Figure 1, row data of magnetic susceptibility (left) and the data published in Nature(right).

Figure, 2 this is a table data. OK.

Figure 3, This is a figure. Why???

    Hirsch et al. pointed out that there was an unnatural jump in the raw data by trying to differentiate it from the neighboring temperature data (fig. 4). Furthermore, since this jump is an integer multiple of the value 0.1655, Hirsch et al. point out that this may be the result of an unusual background subtraction from the raw data, and that it may be a "Manipulation" of the actual data. In other words, they may be doing something other than the linear background subtraction claimed in the rebuttal paper.
Figure 4, the magnetic susceptibility @ 160GPa (left top) and 
the original row data reproduced by Hirsch (left bottom).
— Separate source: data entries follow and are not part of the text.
Lemma fold_left_Rmin_le (f g : nat -> R) e (l : list nat) acc1 acc2 :
  (forall n, In n l -> f n <= g n + e) -> acc1 <= acc2 + e ->
  fold_left (fun acc n => Rmin acc (f n)) l acc1 <=
  fold_left (fun acc n => Rmin acc (g n)) l acc2 + e.
Proof.
  revert acc1 acc2. induction l as [|n l IH]; intros acc1 acc2 Hfg Hacc; simpl; [exact Hacc|].
  apply IH; [intros i Hi; apply Hfg; now right|].
  pose proof (Hfg n (or_introl eq_refl)). unfold Rmin; repeat destruct Rle_dec; lra.
Qed.

Lemma min_dist_le_of_pointwise x y e (v : list nat) : 0 <= e ->
  (forall n, In n v -> dist_int (x * INR n) <= dist_int (y * INR n) + e) ->
  min_dist x v <= min_dist y v + e.
Proof.
  intros He H. destruct v as [|n v]; simpl; [lra|].
  apply fold_left_Rmin_le; [intros i Hi; apply H; now right|apply H; now left].
Qed.

Lemma le_list_sum n (l : list nat) : In n l -> (n <= list_sum l)%nat.
Proof.
  induction l as [|i l IH]; simpl; [tauto|]. intros [->|Hn]; [lia|]. specialize (IH Hn). lia.
Qed.

Lemma min_dist_lipschitz x y v :
  min_dist x v <= min_dist y v + INR (list_sum v) * Rabs (x - y).
Proof.
  apply min_dist_le_of_pointwise.
  - apply Rmult_le_pos; [apply pos_INR|apply Rabs_pos].
  - intros n Hn. eapply Rle_trans; [apply dist_int_lipschitz_mul|].
    rewrite Rabs_right by (apply Rle_ge, pos_INR). apply Rplus_le_compat_l.
    apply Rmult_le_compat_r; [apply Rabs_pos|]. apply le_INR, le_list_sum, Hn.
Qed.

Lemma min_dist_add_IZR t (k : Z) v : min_dist (t + IZR k) v = min_dist t v.
Proof.
  assert (Hn : forall n, dist_int ((t + IZR k) * INR n) = dist_int (t * INR n)).
  { intros n. rewrite <- (dist_int_add_IZR (t * INR n) (k * Z.of_nat n)).
    f_equal. rewrite mult_IZR, <- INR_IZR_INZ. ring. }
  apply Rle_antisym; [apply Rle_trans with (min_dist t v + 0)
                    |apply Rle_trans with (min_dist (t + IZR k) v + 0)]; try lra;
    apply min_dist_le_of_pointwise; try lra; intros n _; rewrite Hn; lra.
Qed.

Lemma continuity_pt_of_lipschitz (f : R -> R) K :
  (forall x y, f x <= f y + K * Rabs (x - y)) -> forall x, continuity_pt f x.
Proof.
  intros Hf x0 eps Heps. set (K' := Rabs K + 1).
  assert (HK' : 0 < K') by (unfold K'; pose proof (Rabs_pos K); lra).
  exists (eps / K'). split; [apply Rdiv_lt_0_compat; lra|].
  intros x [_ Hx]. simpl in *. unfold R_dist in *.
  assert (Hd : K * Rabs (x - x0) < eps).
  { apply Rle_lt_trans with (K' * Rabs (x - x0)).
    - apply Rmult_le_compat_r; [apply Rabs_pos|]. pose proof (Rle_abs K). unfold K'. lra.
    - apply Rmult_lt_reg_l with (/ K'); [now apply Rinv_0_lt_compat|].
      rewrite <- Rmult_assoc, Rinv_l, Rmult_1_l by lra. unfold Rdiv in Hx. lra. }
  pose proof (Hf x x0). pose proof (Hf x0 x). rewrite Rabs_minus_sym in H0.
  apply Rabs_def1; lra.
Qed.

Lemma ML_exists (v : list nat) : exists m, is_ML v m.
Proof.
  destruct (continuity_ab_maj (fun t => min_dist t v) 0 1) as [th [Hth _]]; [lra| |].
  - intros t _. apply (continuity_pt_of_lipschitz _ _ (fun x y => min_dist_lipschitz x y v)).
  - exists (min_dist th v). split; [now exists th|]. intros t.
    rewrite <- (min_dist_add_IZR t (- Int_part t)), opp_IZR.
    pose proof (frac_part_bounds t). apply Hth. lra.
Qed.

Definition min_dist2 (a b t : R) : R := Rmin (dist_int (t * a)) (dist_int (t * b)).

Lemma gcd_factor X Y : (0 < X)%Z -> (0 < Y)%Z -> exists g a b, (0 < g)%Z /\ (0 < a)%Z /\
  (0 < b)%Z /\ X = (g * a)%Z /\ Y = (g * b)%Z /\ Z.gcd a b = 1%Z /\ g = Z.gcd X Y.
Proof.
  intros HX HY. set (g := Z.gcd X Y).
  assert (Hg : (0 < g)%Z).
  { pose proof (Z.gcd_nonneg X Y). destruct (Z.eq_dec g 0) as [E|E]; [|lia].
    apply Z.gcd_eq_0 in E. lia. }
  destruct (Z.gcd_divide_l X Y) as [a Ha]. destruct (Z.gcd_divide_r X Y) as [b Hb].
  fold g in Ha, Hb. exists g, a, b.
  assert (0 < a)%Z by nia. assert (0 < b)%Z by nia. repeat split; try lia.
  pose proof (Z.gcd_mul_mono_l a b g) as E. rewrite Z.abs_eq in E by lia.
  replace (g * a)%Z with X in E by lia. replace (g * b)%Z with Y in E by lia.
  pose proof (Z.gcd_nonneg a b). fold g in E. nia.
Qed.

Lemma dist_int_near_half y b : b < dist_int y -> exists P : Z, Rabs (y - IZR P - 1/2) < 1/2 - b.
Proof.
  intros H. pose proof (dist_int_le_half y). destruct (dist_int_attained y) as [k Hk].
  rewrite Hk in *. destruct (Rcase_abs (y - IZR k)).
  - rewrite Rabs_left in * by lra. exists (k - 1)%Z. rewrite minus_IZR, Rabs_right; lra.
  - rewrite Rabs_right in * by lra. exists k. rewrite Rabs_left1; lra.
Qed.

Lemma min_dist2_le_odd_sum (g a b s : Z) t : (0 < g)%Z -> (0 < a)%Z -> (0 < b)%Z ->
  (a + b = 2 * s + 1)%Z -> min_dist2 (IZR (g * a)) (IZR (g * b)) t <= IZR s / IZR (a + b).
Proof.
  intros Hg Ha Hb Hn. assert (Rn : 0 < IZR (a + b)) by (apply IZR_lt; lia).
  apply Rnot_lt_le. intros Hlt. unfold min_dist2 in Hlt.
  destruct (dist_int_near_half (t * IZR (g * a)) (IZR s / IZR (a + b))) as [P1 H1];
    [eapply Rlt_le_trans; [apply Hlt|apply Rmin_l]|].
  destruct (dist_int_near_half (t * IZR (g * b)) (IZR s / IZR (a + b))) as [P2 H2];
    [eapply Rlt_le_trans; [apply Hlt|apply Rmin_r]|].
  assert (E : 1/2 - IZR s / IZR (a + b) = 1 / (2 * IZR (a + b))).
  { rewrite Hn. rewrite Hn in Rn. rewrite plus_IZR, mult_IZR in *. field. lra. }
  rewrite E in H1, H2. apply Rabs_def2 in H1, H2.
  (* [b (t g a - P1 - 1/2) - a (t g b - P2 - 1/2)] is half an odd integer, yet of size < 1/2. *)
  set (z := (2 * (a * P2 - b * P1) + a - b)%Z).
  assert (Ez : IZR z = 2 * (IZR b * (t * IZR (g * a) - IZR P1 - 1/2)
                            - IZR a * (t * IZR (g * b) - IZR P2 - 1/2))).
  { unfold z. rewrite !minus_IZR, !plus_IZR, !mult_IZR, !minus_IZR, !mult_IZR. field. }
  assert (Rabs (IZR z) < 1).
  { assert (Ra : 0 < IZR a) by (apply IZR_lt; lia). assert (Rb : 0 < IZR b) by (apply IZR_lt; lia).
    assert (Hq : (IZR a + IZR b) * (1 / (2 * IZR (a + b))) = 1/2)
      by (rewrite <- plus_IZR; field; lra).
    rewrite Ez. apply Rabs_def1; nra. }
  apply Rabs_def2 in H. destruct H as [Hz1 Hz2].
  apply lt_IZR in Hz1. apply (lt_IZR (-1)) in Hz2. unfold z in *. lia.
Qed.

Lemma min_dist2_attains_odd_sum (g a b s : Z) : (0 < g)%Z -> (0 < a)%Z -> (0 < b)%Z ->
  (0 <= s)%Z -> Z.gcd a b = 1%Z -> (a + b = 2 * s + 1)%Z ->
  exists t, min_dist2 (IZR (g * a)) (IZR (g * b)) t = IZR s / IZR (a + b).
Proof.
  intros Hg Ha Hb Hs Hab Hn. destruct (Z.gcd_bezout a b 1 Hab) as [al [be Hbez]].
  assert (Rn : IZR (a + b) <> 0) by (apply not_0_IZR; lia).
  assert (Hsn : 0 <= IZR s / IZR (a + b) <= 1/2).
  { rewrite Hn, plus_IZR, mult_IZR. apply IZR_le in Hs. unfold Rdiv. split.
    - apply Rmult_le_pos; [lra|left; apply Rinv_0_lt_compat; lra].
    - apply Rmult_le_reg_r with (2 * IZR s + 1); [lra|].
      rewrite Rmult_assoc, Rinv_l by lra. lra. }
  (* with [al a + be b = 1], the time [s (al - be) / (g (a + b))] puts [g a] at [s/(a+b)]
     past an integer and [g b] at [s/(a+b)] before one. *)
  exists (IZR (s * (al - be)) / IZR (g * (a + b))).
  assert (Hmul : forall v, IZR (s * (al - be)) / IZR (g * (a + b)) * IZR (g * v)
                           = IZR (s * (al - be) * v) / IZR (a + b)).
  { intros v. rewrite !mult_IZR. field. split; [exact Rn|apply not_0_IZR; lia]. }
  unfold min_dist2. rewrite !Hmul.
  replace (IZR (s * (al - be) * a) / IZR (a + b)) with (IZR (- (s * be)) + IZR s / IZR (a + b)).
  2:{ replace (s * (al - be) * a)%Z with (- (s * be) * (a + b) + s)%Z by nia.
      rewrite (plus_IZR (_ * _)), (mult_IZR _ (a + b)). field. exact Rn. }
  replace (IZR (s * (al - be) * b) / IZR (a + b)) with (IZR (s * al) - IZR s / IZR (a + b)).
  2:{ replace (s * (al - be) * b)%Z with (s * al * (a + b) - s)%Z by nia.
      rewrite (minus_IZR (_ * _)), (mult_IZR _ (a + b)). field. exact Rn. }
  rewrite dist_int_IZR_add_small, dist_int_IZR_sub_small by exact Hsn. apply Rmin_left; lra.
Qed.

Lemma min_dist2_attains_half (g a b : Z) : (0 < g)%Z -> Z.Odd a -> Z.Odd b ->
  exists t, min_dist2 (IZR (g * a)) (IZR (g * b)) t = 1/2.
Proof.
  intros Hg [a' ->] [b' ->]. assert (Rg : IZR g <> 0) by (apply not_0_IZR; lia).
  exists (/ (2 * IZR g)). unfold min_dist2.
  assert (Hodd : forall k, / (2 * IZR g) * IZR (g * (2 * k + 1)) = IZR k + 1/2).
  { intros k. rewrite mult_IZR, plus_IZR, mult_IZR. field. exact Rg. }
  rewrite !Hodd, !dist_int_IZR_add_small by lra. apply Rmin_left; lra.
Qed.

Lemma ML2_values (X Y : Z) m : (0 < X)%Z -> (0 < Y)%Z ->
  (exists t, min_dist2 (IZR X) (IZR Y) t = m) -> (forall t, min_dist2 (IZR X) (IZR Y) t <= m) ->
  (exists s : Z, (1 <= s)%Z /\ m = IZR s / (2 * IZR s + 1)) \/ m = 1/2.
Proof.
  intros HX HY [th <-] Hmax.
  destruct (gcd_factor X Y HX HY) as (g & a & b & Hg & Ha & Hb & -> & -> & Hab & _).
  destruct (Z.Even_or_Odd (a + b)) as [[s Hs]|[s Hs]].
  - right. apply Rle_antisym; [apply Rle_trans with (1 := Rmin_l _ _); apply dist_int_le_half|].
    assert (Ha2 : Z.Odd a).
    { destruct (Z.Even_or_Odd a) as [[a' Ea]|]; auto. exfalso.
      assert (H2 : (2 | Z.gcd a b)%Z) by (apply Z.gcd_greatest; [exists a'|exists (s - a')%Z]; lia).
      rewrite Hab in H2. destruct H2 as [k Hk]. lia. }
    assert (Hb2 : Z.Odd b) by (destruct Ha2 as [a' Ea]; exists (s - a' - 1)%Z; lia).
    destruct (min_dist2_attains_half g a b Hg Ha2 Hb2) as [t <-]. apply Hmax.
  - left. exists s. split; [lia|].
    replace (2 * IZR s + 1) with (IZR (a + b)) by (rewrite Hs, plus_IZR, mult_IZR; ring).
    apply Rle_antisym; [apply min_dist2_le_odd_sum; auto|].
    destruct (min_dist2_attains_odd_sum g a b s Hg Ha Hb ltac:(lia) Hab Hs) as [t <-]. apply Hmax.
Qed.

Definition min_dist3 (a b c t : R) : R :=
  Rmin (Rmin (dist_int (t * a)) (dist_int (t * b))) (dist_int (t * c)).

Lemma min_dist3_le_each a b c t : min_dist3 a b c t <= dist_int (t * a) /\
  min_dist3 a b c t <= dist_int (t * b) /\ min_dist3 a b c t <= dist_int (t * c).
Proof. unfold min_dist3, Rmin. repeat split; repeat destruct Rle_dec; lra. Qed.

Definition int_plus (m y : R) : Prop := exists k : Z, y = IZR k + m.
Definition int_minus (m y : R) : Prop := exists k : Z, y = IZR k - m.

Lemma int_plus_minus_exclusive m y : 0 < m < 1/2 -> int_plus m y -> int_minus m y -> False.
Proof.
  intros Hm [k Hk] [j Hj]. assert (E : IZR (j - k) = 2 * m) by (rewrite minus_IZR; lra).
  assert (H0 : IZR 0 < IZR (j - k)) by lra. assert (H1 : IZR (j - k) < IZR 1) by lra.
  apply lt_IZR in H0, H1. lia.
Qed.

Lemma int_minus_opp m y : int_minus m y -> int_plus m (- y).
Proof. intros [k ->]. exists (- k)%Z. rewrite opp_IZR. ring. Qed.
    To see if Hirsch et al. were right, I tried to check the difference in the same way with the raw data of other pressures reported by Dias et al. The reason for this is that if the other data also shows anomalous spikes, it could be a characteristic of the equipment.
 The figure 5 (top) shows the raw data of the magnetic susceptibility at 189 GPa, a copy-and-pasteable pressure from the rebuttal paper by Dias et al [6]. It is stated in the paper that the magnetic susceptibility is obtained by subtracting the linear background from this raw data. Figure 5 (middle) is the result of subtracting the straight line background from figure (top), and indeed, it shows a superconducting transition similar to that of 160 GPa, which is read as Tc=198 K. The temperature difference of the data is shown in fig. 5 (bottom). From the figure, we can't see any spikes, as Hirsch pointed out. In other words, it doesn't seem that the deviation of the data is a characteristic of the device.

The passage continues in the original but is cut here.